In [0]:
customers_df = spark.read.table('olist_ecommerce.bronze.brz_customers')
orders_df = spark.read.table('olist_ecommerce.bronze.brz_orders')
order_items_df = spark.read.table('olist_ecommerce.bronze.brz_order_items')
products_df = spark.read.table('olist_ecommerce.bronze.brz_products')
payments_df = spark.read.table('olist_ecommerce.bronze.brz_order_payments')
reviews_df = spark.read.table('olist_ecommerce.bronze.brz_order_reviews')
sellers_df = spark.read.table('olist_ecommerce.bronze.brz_sellers')
geolocation_df = spark.read.table('olist_ecommerce.bronze.brz_geolocation')
product_category_name_translation_df = spark.read.table('olist_ecommerce.bronze.brz_product_category_name_translation')

In [0]:
customers_df.show()

# Identify Missing Values

In [0]:
from pyspark.sql.functions import *

catalog_name = 'olist_ecommerce'

In [0]:
# This function checks for null values in each column of the given DataFrame.
# Identifying missing data helps businesses ensure data quality, enabling more accurate analysis and decision-making.

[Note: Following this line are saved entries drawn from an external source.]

(* Let $\mathcal A=\mathbb CS_3\cong M_2(\mathbb C)\oplus\mathbb C\oplus\mathbb C$ with its Hopf algebra structure $\Delta g=g\otimes g$, $\epsilon(g)=1$, $S(g)=g^{-1}$. Let $(\mathcal A,\mathcal H,\pi,J,\gamma)$ be any finite complex spectral triple with Dirac operator $D$ whose first-order calculus $(\Omega^1_D,d_D)$, $\Omega^1_D=\mathrm{span}\{\pi(a)[D,\pi(b)]\}$, $d_Da=[D,\pi(a)]$, is nonzero. Then $(\Omega^1_D,d_D)$ is not isomorphic (as an $\mathcal A$-bimodule with derivation) to any bicovariant first-order differential calculus over the Hopf algebra $\mathbb CS_3$.
   Context: A finite complex spectral triple over $\mathcal A=\bigoplus_i M_{n_i}(\mathbb C)$: a finite-dimensional Hilbert space $\mathcal H$, a faithful $*$-representation $\pi$, an antilinear isometry $J$ with $J^2=1$ such that $\pi^0(a):=J\pi(a)^*J$ is a representation of the opposite algebra commuting with $\pi(\mathcal A)$, and a grading $\gamma=\gamma^*$, $\gamma^2=1$, commuting with $J$ and $\pi(\mathcal A)$ and of the form $\sum_m\pi(x_m)\pi^0(y_m)$. A Dirac operator is a self-adjoint $D$ with $DJ=JD$, $D\gamma=-\gamma D$, $[[D,\pi(a)],\pi^0(b)]=0$ for all $a,b$. Here $\mathcal A$-bimodule structure on $\Omega^1_D$ is via $\pi$ (left and right operator multiplication), with the identification $\mathbb CS_3\cong M_2(\mathbb C)\oplus\mathbb C\oplus\mathbb C$ given by the direct sum of the 2-dimensional irreducible, trivial and sign representations of $S_3$. A first-order differential calculus $(\Omega^1,d)$ over a Hopf algebra $\mathcal B$ is bicovariant (in Woronowicz's sense) if there are a left coaction $\Delta_L:\Omega^1\to\mathcal B\otimes\Omega^1$ and a right coaction $\Delta_R:\Omega^1\to\Omega^1\otimes\mathcal B$, commuting with each other, making $\Omega^1$ a bicovariant bimodule, such that $\Delta_L(x\,dy)=\Delta(x)(\mathrm{id}\otimes d)\Delta(y)$ and $\Delta_R(x\,dy)=\Delta(x)(d\otimes\mathrm{id})\Delta(y)$. *)

From HB Require Import structures.
From mathcomp Require Import all_boot all_algebra all_fingroup.
From mathcomp Require Import reals complex.
Set Implicit Arguments.
Unset Strict Implicit.
Unset Printing Implicit Defensive.
Import GRing.Theory Num.Theory.
Local Open Scope ring_scope.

def missing_values(df, df_name):
    print(f'Missing values in {df_name}:')
    df.select([count(when(col(c).isNull(), 1)).alias(c) for c in df.columns]).show()

In [0]:
# Check for missing (null) values in each column of the customers_df DataFrame.
missing_values(customers_df, 'customer')

In [0]:
# Check for missing (null) values in each column of the orders_df DataFrame.
missing_values(orders_df, 'orders')

In [0]:
# Check for missing (null) values in each column of the order_item_df DataFrame.
missing_values(order_items_df, 'order_item')

In [0]:
missing_values(payments_df,'payments')

# Handle Missing Values

1. Drop missing Values ( for non - critical columns )

2. Fill missing values ( for numerical columns )

3. Impute Missing Values ( for continous data )

In [0]:
# Drop rows with missing values in critical columns: 'order_id', 'customer_id', and 'order_status'
orders_df_silver =  orders_df.na.drop(subset=['order_id', 'customer_id', 'order_status'])

In [0]:
orders_df_silver.show()

In [0]:
# Fill missing values in 'order_delivered_customer_date' with a placeholder date '9999-12-31' to indicate undelivered orders.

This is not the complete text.